We compute and interpret incidence rates.

Incidence rate interpretation: The rate ratio comparing seed updates containing A to seed updates not containing A, given the other variables are held constant in the model.  Journals containing A have a rate 1.5 times greater for ratio of journals in the same week that contain A.


In [1]:
%reload_ext autoreload
%autoreload 2
%matplotlib inline

In [28]:
import pandas as pd
import numpy as np
import sklearn
import sklearn.metrics
import os
from tqdm import tqdm

import matplotlib.pyplot as plt
import matplotlib.dates as md
import matplotlib

from collections import Counter

In [3]:
import sys
sys.path.append("../annotation_data")

In [10]:
import responsibility as responsibility_utils
import db as db_utils

In [37]:
resp_subset = responsibility_utils.high_irr_responsibility_labels

In [25]:
working_dir = "/home/srivbane/shared/caringbridge/data/projects/qual-health-journeys/patient_responsibilities"

In [5]:
# load the test predictions
vw_working_dir = "/home/srivbane/shared/caringbridge/data/projects/qual-health-journeys/classification/responsibilities/vw"
all_preds_filepath = os.path.join(vw_working_dir, "vw_all_preds.pkl")
df = pd.read_pickle(all_preds_filepath)
len(df)

157389

In [6]:
pred_label_cols = [col for col in df.columns if col.endswith("_pred_label")]
pred_label_cols

['coordinating_support_pred_label',
 'sharing_medical_info_pred_label',
 'compliance_pred_label',
 'financial_management_pred_label',
 'giving_back_pred_label',
 'behavior_changes_pred_label']

In [9]:
df[pred_label_cols].head(n=5)

Unnamed: 0,coordinating_support_pred_label,sharing_medical_info_pred_label,compliance_pred_label,financial_management_pred_label,giving_back_pred_label,behavior_changes_pred_label
0,1,1,1,0,1,0
1,1,1,1,0,0,0
2,1,1,1,1,1,1
3,1,1,1,1,1,1
4,1,1,1,1,1,1


In [20]:
def get_created_at(site_id, journal_oid):
    site_id = int(site_id)
    try:
        db = db_utils.get_journal_info_db()
        cursor = db.execute("""SELECT created_at
                                    FROM journalMetadata
                                    WHERE site_id = ? AND journal_oid = ?
                                    """,
                            (site_id, journal_oid))
        journals = cursor.fetchall()
        assert journals is not None, "No journal with this site_id/journal_oid"
        assert len(journals) == 1, f"len(journals) journals with this site_id/journal_oid"

        j = journals[0]
        return j['created_at']
        #journal_dict = {'site_id': site_id,
        #                  'journal_oid': journal_oid,
        #                  'createdAt': j['createdAt']}
        #return journal_dict
    finally:
        db.close()

In [18]:
def get_created_at_for_row(row):
    return get_created_at(row.site_id, row.journal_oid)

In [22]:
df['created_at'] = df.apply(get_created_at_for_row, axis=1)

In [23]:
journal_cols = ['site_id', 'journal_oid', 'created_at']

In [24]:
df[journal_cols + pred_label_cols].head()
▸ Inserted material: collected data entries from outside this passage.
Lemma nf_into_pieces css ps wa : Forall2 (Forall2 nf) css ps -> Forall2 piece ps wa ->
  exists was pss, Forall2 leA was wa /\ Forall2 piece (concat pss) (concat was) /\
     weq comm (concat (concat css)) (concat (concat pss)).
Proof.
  intros F1 F2. revert css F1.
  induction F2 as [|p a ps wa HS HF IH]; intros css F1;
    inversion F1 as [|cs ? css' ? Hc Hcs]; subst.
  - exists [], []; simpl; repeat split; auto. apply weq_refl.
  - destruct (IH _ Hcs) as (was & pss & G1 & G2 & G3).
    destruct (nf_into_piece _ _ _ Hc HS) as (wa' & ps' & K1 & K2 & K3).
    exists (wa' :: was), (ps' :: pss). simpl. repeat split; auto.
    + apply Forall2_app; auto.
    + rewrite !concat_app. apply weq_app; auto.
Qed.

Lemma nf_trans w x bs : nf w x -> Forall2 nf bs w -> nf (concat bs) x.
Proof.
  intros [(a & wa & ps & -> & H1 & H2 & H3)|(b & v & -> & H1 & H2)] F.
  - destruct (Forall2_weq_r comm _ _ _ _ F H3) as [bs' [E F']].
    destruct (Forall2_concat_split _ _ _ F') as [css [-> F'']].
    destruct (nf_into_pieces _ _ _ F'' H2) as (was & pss & G1 & G2 & G3).
    left. exists a, (concat was), (concat pss). repeat split; eauto using A_trans.
    eapply weq_trans; [apply weq_concat; eauto|auto].
  - destruct (Forall2_weq_r comm _ _ _ _ F H2) as [bs' [E F']].
    apply Forall2_map_r_inv in F'.
    destruct (nf_into_B_relation _ _ F') as [vs [G1 G2]].
    right. exists b, (concat vs). repeat split; eauto using B_trans.
    eapply weq_trans; [apply weq_concat; eauto|auto].
Qed.

Lemma graft_trans w x bs : le w x -> Forall2 le bs w -> le (concat bs) x.
Proof.
  intros H F. apply nf_graft_le, (nf_trans w); auto using graft_le_nf.
  eapply Forall2_impl; [|eauto]. intros; apply graft_le_nf; auto.
Qed.

Lemma graft_refl x : le [x] x.
Proof.
  apply nf_graft_le. destruct (graft_cases x) as [[b ->]|[a [-> _]]].
  - right. exists b, [b]. auto using B_refl, weq_refl.
  - left. exists a, [a], [[iA a]]. repeat split; auto using A_refl, weq_refl.
    constructor; [left; auto|constructor].
Qed.

Lemma graft_comm_closed :
  comm = true -> forall w w' x, le w x -> Permutation w w' -> le w' x.
Proof.
  intros Hc w w' x H P.
  assert (K : forall z, weq comm w z -> weq comm w' z).
  { intros z E. eapply weq_trans; [|eauto]. rewrite Hc. apply Permutation_sym, P. }
  destruct H as [(u & a & H1 & H2 & H3)|[(u & b & H1 & H2 & H3)|
                 (a1 & a2 & bw & a & H1 & H2 & H3 & H4)]].
  - left; exists u, a; auto.
  - right; left; exists u, b; auto.
  - right; right; exists a1, a2, bw, a; auto.
Qed.

Lemma graft_unary_below_iB x b : le [x] (iB b) -> exists b', x = iB b' /\ leB [b'] b.
Proof.
  intros H. apply graft_le_nf, nf_below_iB in H as [v [Hv E]].
  apply weq_single in E. apply map_single in E as [b' [-> E]]. eauto.
Qed.

Lemma graft_unary_below_iA x a : le [x] (iA a) -> desc leA (collapse x) a.
Proof.
  intros H. apply graft_le_nf, nf_below_iA in H as (wa & ps & H1 & H2 & H3).
  exists wa; split; auto. eapply collapse_pieces; eauto.
  eapply weq_In; [eauto|left; auto].
Qed.

(* Antisymmetry: within B it is that of B, across A and B it is impossible
   (a unary relation below iB b stays in B), and within A \ {y} it is the
   antisymmetry of the descendant order of the simple broad poset A. *)
Lemma graft_antisym x x' : le [x] x' -> le [x'] x -> x = x'.
Proof.
  intros H1 H2.
  destruct (graft_cases x) as [[b ->]|[a [-> Ha]]],
           (graft_cases x') as [[b' ->]|[a' [-> Ha']]].
  - apply graft_unary_below_iB in H1 as [b0 [E1 L1]].
    apply graft_unary_below_iB in H2 as [b0' [E2 L2]].
    apply iB_inj in E1, E2; subst. f_equal. apply bpB; auto.
  - apply graft_unary_below_iB in H2 as [b0 [E _]].
    symmetry in E. apply iB_eq_iA in E as [_ E]. contradiction.
  - apply graft_unary_below_iB in H1 as [b0 [E _]].
    symmetry in E. apply iB_eq_iA in E as [_ E]. contradiction.
  - apply graft_unary_below_iA in H1, H2. simpl in H1, H2. f_equal.
    apply (simple_desc_antisym comm leA); auto using A_simple.
Qed.

Lemma graft_bposet : is_bposet comm le.
Proof.
  split; [apply graft_comm_closed|split; [apply graft_refl|split]].
  - apply graft_trans.
  - apply graft_antisym.
Qed.

(* Simplicity: pieces over distinct entries of a simple word of A are
   disjoint (their collapses differ), and each piece is duplicate-free. *)
Lemma pieces_NoDup ps wa : Forall2 piece ps wa -> NoDup wa -> NoDup (concat ps).
Proof.
  induction 1 as [|p a ps wa HS HF IH]; simpl; intros ND; [constructor|].
  inversion ND as [|? ? Hn ND']; subst. apply NoDup_app; auto.
  - destruct HS as [->|[-> (bw & Hb & ->)]]; [repeat constructor; auto|].
    apply Injective_map_NoDup; [exact iB_inj|]. eapply B_simple; eauto.
  - intros u I1 I2. apply Hn.
    rewrite <- (collapse_piece _ _ _ HS I1). eapply collapse_pieces; eauto.
Qed.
Unnamed: 0,site_id,journal_oid,created_at,coordinating_support_pred_label,sharing_medical_info_pred_label,compliance_pred_label,financial_management_pred_label,giving_back_pred_label,behavior_changes_pred_label
0,106710,51be14196ca0041935009526,1232061600000,1,1,1,0,1,0
1,106710,51be14196ca0041935009660,1232385900000,1,1,1,0,0,0
2,106710,51be14196ca00419350098b4,1233079260000,1,1,1,1,1,1
3,106710,51be14196ca00419350099e0,1233675660000,1,1,1,1,1,1
4,106710,51be14196ca0041935009a62,1233890580000,1,1,1,1,1,1


In [26]:
journal_preds = df[journal_cols + pred_label_cols].copy()
journal_preds.reset_index(inplace=True)

In [27]:
journal_preds_filepath = os.path.join(working_dir, "journal_preds.csv")
journal_preds.to_csv(journal_preds_filepath)
print("Finished.")

Finished.


In [32]:
one_week = 1000 * 60 * 60 * 24 * 7  # one week in ms

In [33]:
def get_week_labels(group):
    # assume group is from same site
    first_journal = np.min(group.created_at)
    last_journal = np.max(group.created_at)
    bins = [first_journal]
    while bins[-1] < last_journal:
        bins.append(bins[-1] + one_week)
    
    bin_labels = np.digitize(group.created_at, bins, right=True)
    return bin_labels

In [35]:
journal_preds['week'] = -1
for site_id, group in tqdm(journal_preds.groupby(by='site_id', sort=False), total=len(set(journal_preds.site_id))):
    # assign all week labels
    journal_preds.loc[group.index, 'week'] = get_week_labels(group)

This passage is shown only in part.